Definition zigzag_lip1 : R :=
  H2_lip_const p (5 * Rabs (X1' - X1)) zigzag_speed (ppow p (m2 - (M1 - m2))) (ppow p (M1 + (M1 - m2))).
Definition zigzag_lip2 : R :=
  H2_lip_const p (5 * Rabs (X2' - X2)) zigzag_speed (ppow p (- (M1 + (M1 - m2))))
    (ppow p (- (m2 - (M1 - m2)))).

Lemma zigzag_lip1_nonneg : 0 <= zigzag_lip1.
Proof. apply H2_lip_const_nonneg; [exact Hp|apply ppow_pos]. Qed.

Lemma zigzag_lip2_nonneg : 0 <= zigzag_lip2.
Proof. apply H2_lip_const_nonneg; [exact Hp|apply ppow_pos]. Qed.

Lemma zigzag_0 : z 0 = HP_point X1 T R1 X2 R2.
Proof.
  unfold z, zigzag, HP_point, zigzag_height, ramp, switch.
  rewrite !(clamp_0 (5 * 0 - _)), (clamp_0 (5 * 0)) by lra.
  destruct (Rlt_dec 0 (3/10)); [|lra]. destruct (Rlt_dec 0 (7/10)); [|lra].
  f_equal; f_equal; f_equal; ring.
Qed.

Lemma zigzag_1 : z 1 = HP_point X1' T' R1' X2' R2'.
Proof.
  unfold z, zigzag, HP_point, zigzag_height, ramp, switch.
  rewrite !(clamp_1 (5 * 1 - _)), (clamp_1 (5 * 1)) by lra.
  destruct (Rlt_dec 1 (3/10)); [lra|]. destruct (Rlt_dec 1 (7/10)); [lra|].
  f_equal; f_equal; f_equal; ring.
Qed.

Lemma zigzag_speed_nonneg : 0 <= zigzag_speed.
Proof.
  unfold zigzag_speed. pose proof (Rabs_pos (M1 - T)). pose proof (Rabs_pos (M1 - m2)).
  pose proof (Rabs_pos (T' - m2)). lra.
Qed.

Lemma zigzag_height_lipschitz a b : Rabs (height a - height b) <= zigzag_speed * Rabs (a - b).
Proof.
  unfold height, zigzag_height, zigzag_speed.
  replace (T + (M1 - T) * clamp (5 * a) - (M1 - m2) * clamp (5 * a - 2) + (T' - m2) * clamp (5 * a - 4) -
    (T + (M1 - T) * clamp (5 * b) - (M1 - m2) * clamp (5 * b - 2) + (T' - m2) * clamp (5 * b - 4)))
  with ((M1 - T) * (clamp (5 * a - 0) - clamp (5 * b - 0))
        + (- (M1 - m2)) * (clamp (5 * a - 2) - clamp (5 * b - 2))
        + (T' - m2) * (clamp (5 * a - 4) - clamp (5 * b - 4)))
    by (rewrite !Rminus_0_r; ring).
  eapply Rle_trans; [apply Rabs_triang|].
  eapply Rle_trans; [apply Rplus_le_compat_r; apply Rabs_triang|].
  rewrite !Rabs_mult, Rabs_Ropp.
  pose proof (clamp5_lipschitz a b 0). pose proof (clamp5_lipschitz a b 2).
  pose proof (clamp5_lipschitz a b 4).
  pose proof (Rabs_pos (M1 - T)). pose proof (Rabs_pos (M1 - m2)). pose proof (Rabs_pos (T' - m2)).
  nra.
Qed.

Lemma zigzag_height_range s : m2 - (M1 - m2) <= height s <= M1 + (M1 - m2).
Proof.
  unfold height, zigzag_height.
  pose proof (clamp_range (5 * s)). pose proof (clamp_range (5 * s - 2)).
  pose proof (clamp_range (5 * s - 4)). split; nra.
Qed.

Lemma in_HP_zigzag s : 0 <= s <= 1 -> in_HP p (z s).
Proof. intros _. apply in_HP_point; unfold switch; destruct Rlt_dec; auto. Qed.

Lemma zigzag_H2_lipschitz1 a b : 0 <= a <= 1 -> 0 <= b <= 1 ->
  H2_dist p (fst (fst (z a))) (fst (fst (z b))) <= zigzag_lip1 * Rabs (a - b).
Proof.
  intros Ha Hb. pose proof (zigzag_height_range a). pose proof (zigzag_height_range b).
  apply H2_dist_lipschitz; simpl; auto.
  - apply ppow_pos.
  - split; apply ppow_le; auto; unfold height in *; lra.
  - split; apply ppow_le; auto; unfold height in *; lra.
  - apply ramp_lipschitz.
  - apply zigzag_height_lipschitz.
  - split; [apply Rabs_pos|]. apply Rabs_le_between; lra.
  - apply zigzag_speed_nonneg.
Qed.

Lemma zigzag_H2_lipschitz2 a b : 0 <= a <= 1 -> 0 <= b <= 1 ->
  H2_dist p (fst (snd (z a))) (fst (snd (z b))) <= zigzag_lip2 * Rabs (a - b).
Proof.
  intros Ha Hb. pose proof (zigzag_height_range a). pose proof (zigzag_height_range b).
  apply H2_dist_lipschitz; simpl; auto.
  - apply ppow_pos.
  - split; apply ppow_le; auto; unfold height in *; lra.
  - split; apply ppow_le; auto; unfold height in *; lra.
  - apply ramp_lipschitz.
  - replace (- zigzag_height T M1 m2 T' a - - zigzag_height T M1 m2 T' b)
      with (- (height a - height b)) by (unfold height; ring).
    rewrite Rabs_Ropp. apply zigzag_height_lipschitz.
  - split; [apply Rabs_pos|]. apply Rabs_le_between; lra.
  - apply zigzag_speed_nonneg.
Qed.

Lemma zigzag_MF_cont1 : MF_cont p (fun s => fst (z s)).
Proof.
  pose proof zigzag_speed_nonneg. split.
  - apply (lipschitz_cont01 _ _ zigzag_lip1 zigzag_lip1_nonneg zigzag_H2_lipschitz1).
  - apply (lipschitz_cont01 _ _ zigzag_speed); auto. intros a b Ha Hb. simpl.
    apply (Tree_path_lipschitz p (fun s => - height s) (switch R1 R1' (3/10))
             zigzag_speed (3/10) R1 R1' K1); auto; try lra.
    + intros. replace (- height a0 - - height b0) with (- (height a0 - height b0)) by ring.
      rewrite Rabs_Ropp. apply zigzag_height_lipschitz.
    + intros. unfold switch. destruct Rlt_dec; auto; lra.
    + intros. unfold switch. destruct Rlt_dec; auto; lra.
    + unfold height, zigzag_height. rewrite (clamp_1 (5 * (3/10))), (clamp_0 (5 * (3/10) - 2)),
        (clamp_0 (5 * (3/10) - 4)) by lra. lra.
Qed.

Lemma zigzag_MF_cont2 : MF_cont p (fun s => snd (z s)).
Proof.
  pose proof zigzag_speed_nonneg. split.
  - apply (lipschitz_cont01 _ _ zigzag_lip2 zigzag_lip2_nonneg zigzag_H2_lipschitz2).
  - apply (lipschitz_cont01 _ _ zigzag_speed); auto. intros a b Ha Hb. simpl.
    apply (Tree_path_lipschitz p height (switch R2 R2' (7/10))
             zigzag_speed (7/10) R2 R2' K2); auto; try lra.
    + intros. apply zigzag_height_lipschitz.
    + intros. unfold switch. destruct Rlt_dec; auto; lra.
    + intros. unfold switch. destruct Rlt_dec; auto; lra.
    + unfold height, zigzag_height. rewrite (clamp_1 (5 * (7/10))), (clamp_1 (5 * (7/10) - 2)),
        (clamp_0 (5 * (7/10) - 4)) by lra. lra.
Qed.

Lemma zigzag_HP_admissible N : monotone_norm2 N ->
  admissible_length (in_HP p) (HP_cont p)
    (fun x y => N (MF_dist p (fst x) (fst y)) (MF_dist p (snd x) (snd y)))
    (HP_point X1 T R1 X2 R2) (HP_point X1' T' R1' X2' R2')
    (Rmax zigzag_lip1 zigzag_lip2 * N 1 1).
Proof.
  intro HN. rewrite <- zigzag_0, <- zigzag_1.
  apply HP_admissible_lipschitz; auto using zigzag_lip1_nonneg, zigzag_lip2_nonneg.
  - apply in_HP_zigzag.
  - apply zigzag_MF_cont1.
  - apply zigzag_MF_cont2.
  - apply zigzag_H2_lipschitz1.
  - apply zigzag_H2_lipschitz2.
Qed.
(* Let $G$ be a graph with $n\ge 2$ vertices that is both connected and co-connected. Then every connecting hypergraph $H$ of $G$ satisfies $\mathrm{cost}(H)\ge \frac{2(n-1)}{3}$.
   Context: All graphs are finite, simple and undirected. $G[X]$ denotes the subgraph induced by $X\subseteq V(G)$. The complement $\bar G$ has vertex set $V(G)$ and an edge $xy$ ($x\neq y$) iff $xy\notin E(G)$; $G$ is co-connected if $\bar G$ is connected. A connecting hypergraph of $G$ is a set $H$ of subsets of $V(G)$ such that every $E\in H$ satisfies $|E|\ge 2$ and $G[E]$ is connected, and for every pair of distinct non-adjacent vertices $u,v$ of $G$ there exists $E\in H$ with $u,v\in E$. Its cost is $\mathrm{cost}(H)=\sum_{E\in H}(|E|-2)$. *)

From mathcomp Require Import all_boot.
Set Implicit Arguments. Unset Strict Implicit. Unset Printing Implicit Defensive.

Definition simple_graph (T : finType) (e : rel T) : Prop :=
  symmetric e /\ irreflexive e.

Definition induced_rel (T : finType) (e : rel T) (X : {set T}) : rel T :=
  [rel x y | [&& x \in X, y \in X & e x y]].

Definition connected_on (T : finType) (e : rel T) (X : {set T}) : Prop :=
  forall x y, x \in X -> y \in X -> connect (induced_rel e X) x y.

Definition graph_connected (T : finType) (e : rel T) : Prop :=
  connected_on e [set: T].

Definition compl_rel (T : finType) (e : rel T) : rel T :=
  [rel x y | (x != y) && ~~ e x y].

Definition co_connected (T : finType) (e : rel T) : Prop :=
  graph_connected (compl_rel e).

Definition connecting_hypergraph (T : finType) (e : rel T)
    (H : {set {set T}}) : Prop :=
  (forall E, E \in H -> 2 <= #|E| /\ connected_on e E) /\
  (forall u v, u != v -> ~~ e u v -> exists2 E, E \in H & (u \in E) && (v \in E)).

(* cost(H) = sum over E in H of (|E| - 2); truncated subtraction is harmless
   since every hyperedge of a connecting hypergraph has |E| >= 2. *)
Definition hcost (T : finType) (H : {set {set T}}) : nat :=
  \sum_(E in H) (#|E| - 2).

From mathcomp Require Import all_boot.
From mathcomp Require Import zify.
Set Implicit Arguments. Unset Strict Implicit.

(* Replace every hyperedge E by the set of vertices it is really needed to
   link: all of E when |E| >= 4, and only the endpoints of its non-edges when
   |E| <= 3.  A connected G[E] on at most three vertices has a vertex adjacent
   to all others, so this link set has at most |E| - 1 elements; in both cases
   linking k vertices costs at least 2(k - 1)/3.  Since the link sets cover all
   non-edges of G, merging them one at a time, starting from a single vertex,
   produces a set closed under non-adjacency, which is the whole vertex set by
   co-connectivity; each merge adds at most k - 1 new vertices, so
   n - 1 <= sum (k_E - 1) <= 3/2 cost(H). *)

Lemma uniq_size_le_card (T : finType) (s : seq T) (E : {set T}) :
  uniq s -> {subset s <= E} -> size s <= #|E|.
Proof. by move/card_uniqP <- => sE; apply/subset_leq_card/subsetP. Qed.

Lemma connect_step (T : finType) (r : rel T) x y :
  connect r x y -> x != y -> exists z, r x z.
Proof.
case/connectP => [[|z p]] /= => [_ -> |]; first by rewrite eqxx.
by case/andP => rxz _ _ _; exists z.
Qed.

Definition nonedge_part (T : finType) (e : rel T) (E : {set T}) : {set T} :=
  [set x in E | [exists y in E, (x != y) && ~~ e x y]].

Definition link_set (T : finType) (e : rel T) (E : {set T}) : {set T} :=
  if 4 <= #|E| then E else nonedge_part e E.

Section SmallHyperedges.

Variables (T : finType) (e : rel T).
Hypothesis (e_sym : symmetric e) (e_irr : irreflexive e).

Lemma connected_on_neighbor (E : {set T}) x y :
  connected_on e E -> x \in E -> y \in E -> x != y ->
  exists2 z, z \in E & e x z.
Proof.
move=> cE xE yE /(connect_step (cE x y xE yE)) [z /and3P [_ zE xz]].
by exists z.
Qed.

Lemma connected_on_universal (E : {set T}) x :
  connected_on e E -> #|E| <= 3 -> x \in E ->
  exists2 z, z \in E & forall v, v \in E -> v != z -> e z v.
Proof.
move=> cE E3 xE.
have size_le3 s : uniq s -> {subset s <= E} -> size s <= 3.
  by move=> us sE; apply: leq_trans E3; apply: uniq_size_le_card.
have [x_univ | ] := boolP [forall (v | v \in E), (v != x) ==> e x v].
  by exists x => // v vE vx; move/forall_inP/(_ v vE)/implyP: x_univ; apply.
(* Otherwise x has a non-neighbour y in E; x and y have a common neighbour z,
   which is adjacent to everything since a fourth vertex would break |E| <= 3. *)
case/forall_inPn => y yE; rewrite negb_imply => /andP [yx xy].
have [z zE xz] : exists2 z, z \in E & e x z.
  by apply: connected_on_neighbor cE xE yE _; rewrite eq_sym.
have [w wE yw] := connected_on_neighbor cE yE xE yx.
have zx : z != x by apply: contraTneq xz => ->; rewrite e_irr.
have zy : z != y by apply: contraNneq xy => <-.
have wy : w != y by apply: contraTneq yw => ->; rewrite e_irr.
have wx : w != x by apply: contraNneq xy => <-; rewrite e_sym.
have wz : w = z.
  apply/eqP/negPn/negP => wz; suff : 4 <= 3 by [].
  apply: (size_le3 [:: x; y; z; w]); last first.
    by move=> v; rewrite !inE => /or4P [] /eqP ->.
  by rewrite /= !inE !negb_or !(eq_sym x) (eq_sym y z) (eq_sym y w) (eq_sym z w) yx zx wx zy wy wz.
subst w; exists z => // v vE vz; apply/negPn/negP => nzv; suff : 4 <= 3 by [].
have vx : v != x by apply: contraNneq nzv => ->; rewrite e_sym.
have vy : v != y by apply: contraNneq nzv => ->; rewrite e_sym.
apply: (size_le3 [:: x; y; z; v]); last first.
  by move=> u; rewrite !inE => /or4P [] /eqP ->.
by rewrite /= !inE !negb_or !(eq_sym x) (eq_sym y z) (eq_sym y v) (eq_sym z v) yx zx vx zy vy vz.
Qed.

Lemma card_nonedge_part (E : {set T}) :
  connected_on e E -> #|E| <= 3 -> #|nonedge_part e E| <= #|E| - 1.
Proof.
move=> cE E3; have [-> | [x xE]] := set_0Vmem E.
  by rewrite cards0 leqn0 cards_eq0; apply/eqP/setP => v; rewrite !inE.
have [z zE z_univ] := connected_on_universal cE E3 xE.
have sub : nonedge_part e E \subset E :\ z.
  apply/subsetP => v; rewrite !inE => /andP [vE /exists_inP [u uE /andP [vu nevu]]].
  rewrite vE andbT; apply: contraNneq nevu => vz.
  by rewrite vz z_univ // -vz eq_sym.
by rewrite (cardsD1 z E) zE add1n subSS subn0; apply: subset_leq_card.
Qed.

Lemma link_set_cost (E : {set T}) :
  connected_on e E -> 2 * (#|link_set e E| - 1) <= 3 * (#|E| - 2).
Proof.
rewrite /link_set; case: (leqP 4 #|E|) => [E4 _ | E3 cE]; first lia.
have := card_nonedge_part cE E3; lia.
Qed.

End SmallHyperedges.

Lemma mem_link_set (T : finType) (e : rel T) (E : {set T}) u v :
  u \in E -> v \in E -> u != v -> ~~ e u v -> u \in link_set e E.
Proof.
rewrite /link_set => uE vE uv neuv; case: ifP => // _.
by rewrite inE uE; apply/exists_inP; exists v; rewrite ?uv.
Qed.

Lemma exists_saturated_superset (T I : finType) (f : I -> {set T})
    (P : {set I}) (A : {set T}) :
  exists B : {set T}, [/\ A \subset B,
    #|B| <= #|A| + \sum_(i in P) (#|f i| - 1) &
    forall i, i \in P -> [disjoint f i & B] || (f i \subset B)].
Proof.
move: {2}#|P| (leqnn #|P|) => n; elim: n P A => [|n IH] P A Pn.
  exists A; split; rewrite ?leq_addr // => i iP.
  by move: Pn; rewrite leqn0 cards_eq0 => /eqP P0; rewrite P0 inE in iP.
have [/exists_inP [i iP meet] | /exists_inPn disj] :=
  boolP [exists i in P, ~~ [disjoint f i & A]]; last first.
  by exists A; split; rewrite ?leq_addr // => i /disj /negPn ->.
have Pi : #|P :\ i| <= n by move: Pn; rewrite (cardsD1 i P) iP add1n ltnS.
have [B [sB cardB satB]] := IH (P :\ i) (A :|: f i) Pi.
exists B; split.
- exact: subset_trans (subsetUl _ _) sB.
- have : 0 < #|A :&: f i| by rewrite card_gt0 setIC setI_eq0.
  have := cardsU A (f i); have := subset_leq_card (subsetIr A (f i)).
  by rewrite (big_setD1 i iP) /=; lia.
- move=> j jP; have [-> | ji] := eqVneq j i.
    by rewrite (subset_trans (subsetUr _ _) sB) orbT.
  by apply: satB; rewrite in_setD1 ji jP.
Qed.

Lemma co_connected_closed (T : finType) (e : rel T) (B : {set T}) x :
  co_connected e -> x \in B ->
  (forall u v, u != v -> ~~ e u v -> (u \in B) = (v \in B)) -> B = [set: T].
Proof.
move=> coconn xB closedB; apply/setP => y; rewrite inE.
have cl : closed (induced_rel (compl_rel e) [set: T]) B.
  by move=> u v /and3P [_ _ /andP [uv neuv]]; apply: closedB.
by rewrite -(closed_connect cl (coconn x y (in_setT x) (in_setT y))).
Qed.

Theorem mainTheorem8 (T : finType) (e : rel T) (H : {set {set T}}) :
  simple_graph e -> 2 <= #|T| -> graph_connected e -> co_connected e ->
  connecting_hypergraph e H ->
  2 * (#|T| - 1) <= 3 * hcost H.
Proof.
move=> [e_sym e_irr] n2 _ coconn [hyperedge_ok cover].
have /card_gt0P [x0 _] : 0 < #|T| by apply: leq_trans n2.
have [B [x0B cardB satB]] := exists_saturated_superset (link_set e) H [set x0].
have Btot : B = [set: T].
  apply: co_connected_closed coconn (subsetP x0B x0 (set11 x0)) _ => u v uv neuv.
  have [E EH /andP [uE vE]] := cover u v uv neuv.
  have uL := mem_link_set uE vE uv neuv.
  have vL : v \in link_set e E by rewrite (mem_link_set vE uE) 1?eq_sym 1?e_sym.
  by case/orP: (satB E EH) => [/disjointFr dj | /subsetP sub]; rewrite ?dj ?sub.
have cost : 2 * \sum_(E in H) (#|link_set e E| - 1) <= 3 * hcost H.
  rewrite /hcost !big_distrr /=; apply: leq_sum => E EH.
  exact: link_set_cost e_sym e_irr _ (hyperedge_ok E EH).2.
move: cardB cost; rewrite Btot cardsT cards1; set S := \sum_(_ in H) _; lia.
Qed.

------------------------------------------------------------------------

[REQUIREMENT] Restate word for word the lines in the material above from the one with "have zx : z" to the one with "apply: (size_le3 [:: x; y; z; v]);"; both of those lines count, and nothing else does.

[EXPECTED ANSWER]
have zx : z != x by apply: contraTneq xz => ->; rewrite e_irr.
have zy : z != y by apply: contraNneq xy => <-.
have wy : w != y by apply: contraTneq yw => ->; rewrite e_irr.
have wx : w != x by apply: contraNneq xy => <-; rewrite e_sym.
have wz : w = z.
  apply/eqP/negPn/negP => wz; suff : 4 <= 3 by [].
  apply: (size_le3 [:: x; y; z; w]); last first.
    by move=> v; rewrite !inE => /or4P [] /eqP ->.
  by rewrite /= !inE !negb_or !(eq_sym x) (eq_sym y z) (eq_sym y w) (eq_sym z w) yx zx wx zy wy wz.
subst w; exists z => // v vE vz; apply/negPn/negP => nzv; suff : 4 <= 3 by [].
have vx : v != x by apply: contraNneq nzv => ->; rewrite e_sym.
have vy : v != y by apply: contraNneq nzv => ->; rewrite e_sym.
apply: (size_le3 [:: x; y; z; v]); last first.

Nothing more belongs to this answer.